Села за стол, повздыхала, взяла стакан – хотела ещё выпить, однако отставила графин подальше. Произнесла, поняла дочь, задолго припасённые и облюбованные внутри себя слова:
– Вот чего сказать тебе, Катерина ты наша свет Николаевна, хочу: берите себе с Леонардушкой Коляньку, оформляйте на него докýменты чин чинарём и живите-поживайте крепкой человечьей семьёй. Не было бы счастья да несчастье, видишь оно чего, доча, подсобило вам.
– Не говори, мама, так.
– Ишь оно чего: опять не угодила! Да хоть говори, доча, хоть не говори, а дело ясное, как Божий день: силы небесные рассудили по-своему – кому пожить ещё, кому – довольно, мол. Тебе, боговерной, да не знать, чего да как!
Пора, однако, укладываться спать – уже далеко за полночь, ни огонька на деревне. Коля снова уснул, вольно разбросившись на коленях и животе Екатерины. Она, чтобы не потревожить его сон, вполдыха дышала.
Одоленная самогоном и усталью дня ушедшего, Любовь Фёдоровна по стеночке убрела к себе на постель за перегородку. Ей вставать уже через несколько часов, до зари, и в своих кирзачах, оставшихся ей в наследство от сожителя её, почившего конюха Овчинникова Ивана, шагать на колхозную ферму три километра на ежедневную утреннюю, а потом и вечернюю, дойку вместе с другими доярками и скотниками.
Екатерина в полусгибе на цыпочках полегонечку перенесла Колю в кроватку, сидела над ним, нанизывая бисеринки слов:
Её душа в эти минуты плакала горем утраты, но и радовалась ясному и захватывающему осознанию любви к этому маленькому, ещё несколько часов назад довольно далёкому для неё существу. Спать не хотелось совсем и в теле ничуть не скопилось утомления или усталости, хотя без секунды сна выдалась прошлая ночь с нравственно отягчёнными проводами Леонардо и в суматохе чувств и мыслей провихрил этот невозможный, несчастливый счастливый день.

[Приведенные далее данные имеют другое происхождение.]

(* Let $c^{(k)}$ be an admissible control, $\rho^{(k)}$ the corresponding solution of the master equation and $\chi^{(k)}$ the solution of the adjoint system with control $c^{(k)}$. Let $c^{(k+1)}=(u^{(k+1)},n_1^{(k+1)},n_2^{(k+1)})$ be an admissible control and $\rho^{(k+1)}$ the solution of the master equation with control $c^{(k+1)}$ such that for every $t\in[0,T]$: $u^{(k+1)}(t)\in\arg\max_{|u|\le\mu}\mathcal K^u(\chi^{(k)}(t),\rho^{(k+1)}(t))\,u$ and $n_j^{(k+1)}(t)\in\arg\max_{n_j\in[0,n_{\max}]}\mathcal K^{n_j}(\chi^{(k)}(t),\rho^{(k+1)}(t))\,n_j$, $j=1,2$ (i.e. $u^{(k+1)}(t)=\pm\mu$ according to the sign of $\mathcal K^u$, $n_j^{(k+1)}(t)=0$ or $n_{\max}$ according to the sign of $\mathcal K^{n_j}$, arbitrary in the admissible range where the switching function vanishes). Then $\langle\mathcal K^c(\chi^{(k)}(t),\rho^{(k+1)}(t)),c^{(k+1)}(t)-c^{(k)}(t)\rangle\ge0$ for all $t\in[0,T]$ and $J_1(c^{(k+1)})\ge J_1(c^{(k)})$. Moreover $J_1(c^{(k+1)})>J_1(c^{(k)})$ if at least one of the sets $\{t: u^{(k+1)}(t)\ne u^{(k)}(t),\ \mathcal K^u(\chi^{(k)}(t),\rho^{(k+1)}(t))\ne0\}$, $\{t: n_j^{(k+1)}(t)\ne n_j^{(k)}(t),\ \mathcal K^{n_j}(\chi^{(k)}(t),\rho^{(k+1)}(t))\ne0\}$ ($j=1,2$) has positive Lebesgue measure.
   Context: Let $\sigma_x,\sigma_y,\sigma_z$ be the Pauli matrices, $\mathbb I_2,\mathbb I_4$ identity matrices, $\sigma^+=\begin{pmatrix}0&0\\1&0\end{pmatrix}$, $\sigma^-=\begin{pmatrix}0&1\\0&0\end{pmatrix}$, $\sigma_1^\pm=\sigma^\pm\otimes\mathbb I_2$, $\sigma_2^\pm=\mathbb I_2\otimes\sigma^\pm$, $W_1=\sigma_z\otimes\mathbb I_2$, $W_2=\mathbb I_2\otimes\sigma_z$. Fix parameters $\varepsilon,\omega_j,\Lambda_j,\Omega_j>0$ ($j=1,2$), $H_0=\frac{\omega_1}{2}W_1+\frac{\omega_2}{2}W_2$, and a Hermitian $4\times4$ matrix $V$ (in the paper $V=Q_1\otimes\mathbb I_2+\mathbb I_2\otimes Q_2$ or $V=Q_1\otimes Q_2$ with $Q_j=\sin\theta_j\cos\varphi_j\sigma_x+\sin\theta_j\sin\varphi_j\sigma_y+\cos\theta_j\sigma_z$). For $c=(u,n_1,n_2)\in\mathbb R^3$ let $H_c=H_0+\varepsilon\sum_{j=1}^2\Lambda_j n_jW_j+uV$ and $$\mathcal L^D_n(\rho)=\sum_{j=1}^2\Big[\Omega_j(n_j+1)\big(2\sigma_j^-\rho\sigma_j^+-\{\sigma_j^+\sigma_j^-,\rho\}\big)+\Omega_jn_j\big(2\sigma_j^+\rho\sigma_j^--\{\sigma_j^-\sigma_j^+,\rho\}\big)\Big],$$ $$\mathcal L^{D,\dagger}_n(\chi)=\sum_{j=1}^2\Big[\Omega_j(n_j+1)\big(2\sigma_j^+\chi\sigma_j^--\{\sigma_j^+\sigma_j^-,\chi\}\big)+\Omega_jn_j\big(2\sigma_j^-\chi\sigma_j^+-\{\sigma_j^-\sigma_j^+,\chi\}\big)\Big],$$ where $\{A,B\}=AB+BA$, $[A,B]=AB-BA$. Fix $T>0$, $\mu,n_{\max}>0$, $Q=[-\mu,\mu]\times[0,n_{\max}]^2$; admissible controls are piecewise continuous $c=(u,n_1,n_2):[0,T]\to Q$. Fix density matrices $\rho_0,\rho_{\rm target}$ ($4\times 4$, positive semidefinite, trace one). The master equation is $\dot\rho(t)=-i[H_{c(t)},\rho(t)]+\varepsilon\mathcal L^D_{n(t)}(\rho(t))$, $\rho(0)=\rho_0$; the adjoint system is $\dot\chi(t)=-i[H_{c(t)},\chi(t)]-\varepsilon\mathcal L^{D,\dagger}_{n(t)}(\chi(t))$, $\chi(T)=\rho_{\rm target}$ (solved backward). For matrices, $\langle A,B\rangle={\rm Tr}(A^\dagger B)$. The objective is $J_1(c)={\rm Tr}(\rho(T)\rho_{\rm target})$ where $\rho$ solves the master equation with control $c$. The switching functions $\mathcal K^c=(\mathcal K^u,\mathcal K^{n_1},\mathcal K^{n_2})$ are the coefficients of $u,n_1,n_2$ in $\langle\chi,-i[H_c,\rho]+\varepsilon\mathcal L^D_n(\rho)\rangle$: $\mathcal K^u(\chi,\rho)=\langle\chi,-i[V,\rho]\rangle$, $\mathcal K^{n_j}(\chi,\rho)=\big\langle\chi,-i\varepsilon\Lambda_j[W_j,\rho]+\varepsilon\Omega_j\big(2\sigma_j^-\rho\sigma_j^++2\sigma_j^+\rho\sigma_j^--2\rho\big)\big\rangle$, $j=1,2$ (real for Hermitian $\chi,\rho$). *)

From HB Require Import structures.
From mathcomp Require Import all_boot all_order all_algebra.
From mathcomp Require Import all_classical all_reals all_analysis.
From mathcomp Require Import complex.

Всматривалась в полумгле в личико Коли, перебирала, как чётки, его пальчики на руках и ногах. Дивилась, будто впервые видела маленького ребёнка: такое в нём всё махонькое, игрушечное, а ведь стать ему мужчиной, этаким большим, плечистым парнем, голосом забасить в своё время, бороду и усы, кто знает, отпустить, табак начать курить, что принято, к сожалению, у многих мужчин; школу закончит, в институте или техникуме профессию получит, в армии отслужит, женится – чего только не будет, годы тревог и смятений впереди! Понимала и тоже отчего-то дивилась: кажется, и вправду какая-то новая жизнь начинается. Нежданно-негаданно нагрянули из неведомо каких заулков судьбы эти стремительные перемены. И начинается новая жизнь одновременно горько и сладко, в скорбях и в радостях, в тревогах и в надеждах, в слезах и даже в песнях, – столько всего ветрами налетело и нещадно налегло разом, съединилось, казалось бы, несъединимое, срослось несрастаемое, что глаза, как не толкуй и не притворяйся перед людьми и собой, испугались всё же. А сердце, когда прочитала письмо от матери, по сю пору трепещет и стонет, однако рукам никак нельзя опускаться.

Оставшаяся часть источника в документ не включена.